WORK TASK → Reproduce exactly the lines below from the one containing "(* Passive-state energy" through the one containing "eigenvalue, giving [Delta", including both, and nothing else.

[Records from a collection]
(* Let $n\ge3$, let every qubit carry the Hamiltonian $H_i=|1\rangle\langle1|$, and let $s=[n]$. For $|\mathrm{GHZ}_n\rangle=\frac1{\sqrt2}(|0\rangle^{\otimes n}+|1\rangle^{\otimes n})$ and $|W_n\rangle=\frac1{\sqrt n}\sum_{i=1}^n|0\cdots01_i0\cdots0\rangle$, $$M^{(s)}_E(|\mathrm{GHZ}_n\rangle)=1-\frac{1}{2^{n-1}},\qquad M^{(s)}_E(|W_n\rangle)=1-\frac{1}{2^{n-1}}\binom{n-1}{\lfloor\frac{n-1}{2}\rfloor}.$$ In particular $M^{(s)}_E(|\mathrm{GHZ}_n\rangle)>M^{(s)}_E(|W_n\rangle)$.
   Context: For $X\subseteq[n]$, $H_X=\sum_{i\in X}H_i$ with eigenvalues $0=\epsilon^X_0\le\epsilon^X_1\le\cdots$. For a state $\rho_X$ with eigenvalues $p_0\ge p_1\ge\cdots$ the passive-state energy is $\mathrm{tr}(\rho_X^pH_X)=\sum_jp_j\epsilon^X_j$. For a pure state $|\psi\rangle$ with marginals $\rho_X=\mathrm{tr}_{X^c}|\psi\rangle\langle\psi|$, $\Delta_{X|X^c}(|\psi\rangle)=\mathrm{tr}(\rho_X^pH_X)+\mathrm{tr}(\rho_{X^c}^pH_{X^c})$, set to $0$ for $X=\emptyset$ or $X=[n]$, and $M^{(s)}_E(|\psi\rangle)=2^{-|s|}\sum_{X\subseteq s}\Delta_{X|X^c}(|\psi\rangle)$. $\lfloor\cdot\rfloor$ is the floor function. *)

From HB Require Import structures.
From mathcomp Require Import all_boot all_order all_algebra algC.
Set Implicit Arguments. Unset Strict Implicit. Unset Printing Implicit Defensive.
Import Order.TTheory GRing.Theory Num.Theory.
Local Open Scope ring_scope.

(* Computational basis configurations of n qubits: b i = true means |1> on qubit i. *)
Definition cfg (n : nat) := {ffun 'I_n -> bool}.

(* Basis configurations of the subsystem X (qubits outside X are set to 0,
   they play no role); this finite set indexes the computational basis of
   the Hilbert space of subsystem X. *)
Definition sub n (X : {set 'I_n}) : {set cfg n} :=
  [set b : cfg n | [forall i, (i \notin X) ==> ~~ b i]].

Definition glue n (X : {set 'I_n}) (a c : cfg n) : cfg n :=
  [ffun i => if i \in X then a i else c i].

Definition state n := cfg n -> algC.

(* Reduced density matrix rho_X = tr_{X^c} |psi><psi|. *)
Definition rho n (psi : state n) (X : {set 'I_n}) : 'M[algC]_#|sub X| :=
  \matrix_(k, l) \sum_(c in sub (~: X))
     psi (glue X (enum_val k) c) * (psi (glue X (enum_val l) c))^*.

Definition Hloc n (X : {set 'I_n}) (i : 'I_n) : 'M[algC]_#|sub X| :=
  \matrix_(k, l) ((enum_val k == enum_val l)%:R * ((enum_val k : cfg n) i)%:R).

Definition HX n (X : {set 'I_n}) : 'M[algC]_#|sub X| := \sum_(i in X) Hloc X i.

Definition eigs m (A : 'M[algC]_m) : seq algC :=
  sval (closed_field_poly_normal (char_poly A)).

(* Passive-state energy tr(rho^p H) = sum_j p_j eps_j, p decreasing, eps increasing. *)
Definition passive_energy m (R H : 'M[algC]_m) : algC :=
  let p := sort (fun x y : algC => y <= x) (eigs R) in
  let e := sort (fun x y : algC => x <= y) (eigs H) in
  \sum_(j < m) p`_j * e`_j.

Definition Delta n (psi : state n) (X : {set 'I_n}) : algC :=
  if (X == set0) || (X == setT) then 0 else
  passive_energy (rho psi X) (HX X) + passive_energy (rho psi (~: X)) (HX (~: X)).

Definition ME n (s : {set 'I_n}) (psi : state n) : algC :=
  (2 ^+ #|s|)^-1 * \sum_(X : {set 'I_n} | X \subset s) Delta psi X.

Definition GHZ n : state n := fun b =>
  if [forall i, ~~ b i] || [forall i, b i] then (sqrtC 2)^-1 else 0.

Definition Wst n : state n := fun b =>
  if #|[set i | b i]| == 1%N then (sqrtC n%:R)^-1 else 0.

Arguments GHZ n : clear implicits.
Arguments Wst n : clear implicits.

(* For a proper bipartition [X | X^c] both marginals of GHZ and W have rank
   two: the GHZ marginal is [diag(1/2, 1/2)] on [|0..0>] and [|1..1>], and the
   W marginal is [(|X^c|/n) |0><0| + (|X|/n) |W_X><W_X|].  The two lowest
   levels of [H_X] are [0] and [1], so the passive energy is the smaller
   eigenvalue, giving [Delta = 1] for GHZ and [Delta = 2 min(|X|, n - |X|) / n]
   for W.  Averaging over the [2^n] subsets, the W value follows from
   [sum_k C(n,k) min(k, n-k) = n (2^(n-1) - C(n-1, (n-1)/2))]. *)

From mathcomp Require Import all_boot all_order all_algebra algC.
From mathcomp Require Import ring zify.
Set Implicit Arguments. Unset Strict Implicit. Unset Printing Implicit Defensive.
Import Order.TTheory GRing.Theory Num.Theory.

Lemma sum_bin n : \sum_(k < n.+1) 'C(n, k) = 2 ^ n.
Proof.
rewrite -[2]/(1 + 1) expnDn; apply: eq_bigr => k _.
by rewrite !exp1n !muln1.
Qed.

Lemma sum_bin_mul_subn n : \sum_(k < n.+1) 'C(n, k) * (n - k) = n * 2 ^ n.-1.
Proof.
case: n => [|n]; first by rewrite big_ord_recl big_ord0.
rewrite -sum_bin big_distrr big_ord_recr /= subnn muln0 addn0.
by apply: eq_bigr => k _; rewrite mul_bin_down mulnC.
Qed.

(* Telescopes: [C(n,k) (n - 2k) = n C(n-1,k) - n C(n-1,k-1)]. *)
Lemma sum_bin_mul_gap n J : 0 < J -> 2 * J.-1 < n ->
  \sum_(k < J) 'C(n, k) * (n - k - k) = n * 'C(n.-1, J.-1).
Proof.
elim: J => [//|[|J] IH] _ hJ.
  by rewrite big_ord_recr big_ord0 /= bin0 !subn0 mul1n bin0 muln1.
rewrite big_ord_recr /= IH //; last by lia.
have e1 := mul_bin_down n J.+1; have e2 := mul_bin_diag n J.
have le_bin : 'C(n, J.+1) * J.+1 <= 'C(n, J.+1) * (n - J.+1).
  by rewrite leq_mul2l; apply/orP; right; lia.
rewrite mulnBr; move: e1 e2 le_bin.
rewrite [(n - J.+1) * _]mulnC [J.+1 * _]mulnC.
set a := 'C(n, J.+1) * (n - J.+1); set b := 'C(n, J.+1) * J.+1.
set c := n * 'C(n.-1, J.+1); set d := n * 'C(n.-1, J).
lia.
Qed.

(* [minn k (n - k) = (n - k) - ((n - k) - k)], and the correction term only
   survives for [k <= (n - 1)/2]. *)
Lemma sum_bin_mul_minn n : 0 < n ->
  \sum_(k < n.+1) 'C(n, k) * minn k (n - k) + n * 'C(n.-1, n.-1./2) = n * 2 ^ n.-1.
Proof.
move=> n_gt0; have J_le : n.-1./2.+1 <= n.+1 by lia.
have gap : \sum_(k < n.+1) 'C(n, k) * (n - k - k) = n * 'C(n.-1, n.-1./2).
  rewrite -(sum_bin_mul_gap (J := n.-1./2.+1)) //=; last by lia.
  rewrite -(subnKC J_le) big_split_ord /= [X in _ + X]big1 ?addn0 // => k _.
  by apply/eqP; rewrite muln_eq0 subn_eq0; apply/orP; right; lia.
rewrite -sum_bin_mul_subn -gap -big_split /=; apply: eq_bigr => k _.
by rewrite -mulnDr; congr (_ * _); lia.
Qed.

Lemma bin_half_gt1 n : 3 <= n -> 1 < 'C(n.-1, n.-1./2).
Proof.
move=> n_ge3; have [m -> {n n_ge3}] : exists m, n = m.+3 by exists (n - 3); lia.
rewrite /= binS; have h := odd_double_half m.
have h1 : 0 < 'C(m.+1, m./2.+1) by rewrite bin_gt0; lia.
have h2 : 0 < 'C(m.+1, m./2) by rewrite bin_gt0; lia.
lia.
Qed.

Lemma sum_set_card (T : finType) (f : nat -> nat) :
  \sum_(A : {set T}) f #|A| = \sum_(k < #|T|.+1) 'C(#|T|, k) * f k.
Proof.
have card_lt (A : {set T}) : #|A| < #|T|.+1 by rewrite ltnS; apply: max_card.
rewrite (partition_big (fun A : {set T} => inord #|A| : 'I_#|T|.+1) xpredT) //=.
apply: eq_bigr => k _; rewrite -card_draws -sum_nat_const.
apply: eq_big => [A|A /eqP <-]; last by rewrite inordK.
by rewrite inE -val_eqE /= inordK.
Qed.

Lemma card_set_of (T : finType) : #|{set T}| = 2 ^ #|T|.
Proof.
rewrite -cardsT -card_powerset; apply: eq_card => A.
by rewrite powersetE subsetT inE.
Qed.

Local Open Scope ring_scope.

Section Spectrum.
Variable m : nat.
Implicit Types A D H P R : 'M[algC]_m.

WRITTEN RESPONSE →
(* Passive-state energy tr(rho^p H) = sum_j p_j eps_j, p decreasing, eps increasing. *)
Definition passive_energy m (R H : 'M[algC]_m) : algC :=
  let p := sort (fun x y : algC => y <= x) (eigs R) in
  let e := sort (fun x y : algC => x <= y) (eigs H) in
  \sum_(j < m) p`_j * e`_j.

Definition Delta n (psi : state n) (X : {set 'I_n}) : algC :=
  if (X == set0) || (X == setT) then 0 else
  passive_energy (rho psi X) (HX X) + passive_energy (rho psi (~: X)) (HX (~: X)).

Definition ME n (s : {set 'I_n}) (psi : state n) : algC :=
  (2 ^+ #|s|)^-1 * \sum_(X : {set 'I_n} | X \subset s) Delta psi X.

Definition GHZ n : state n := fun b =>
  if [forall i, ~~ b i] || [forall i, b i] then (sqrtC 2)^-1 else 0.

Definition Wst n : state n := fun b =>
  if #|[set i | b i]| == 1%N then (sqrtC n%:R)^-1 else 0.

Arguments GHZ n : clear implicits.
Arguments Wst n : clear implicits.

(* For a proper bipartition [X | X^c] both marginals of GHZ and W have rank
   two: the GHZ marginal is [diag(1/2, 1/2)] on [|0..0>] and [|1..1>], and the
   W marginal is [(|X^c|/n) |0><0| + (|X|/n) |W_X><W_X|].  The two lowest
   levels of [H_X] are [0] and [1], so the passive energy is the smaller
   eigenvalue, giving [Delta = 1] for GHZ and [Delta = 2 min(|X|, n - |X|) / n]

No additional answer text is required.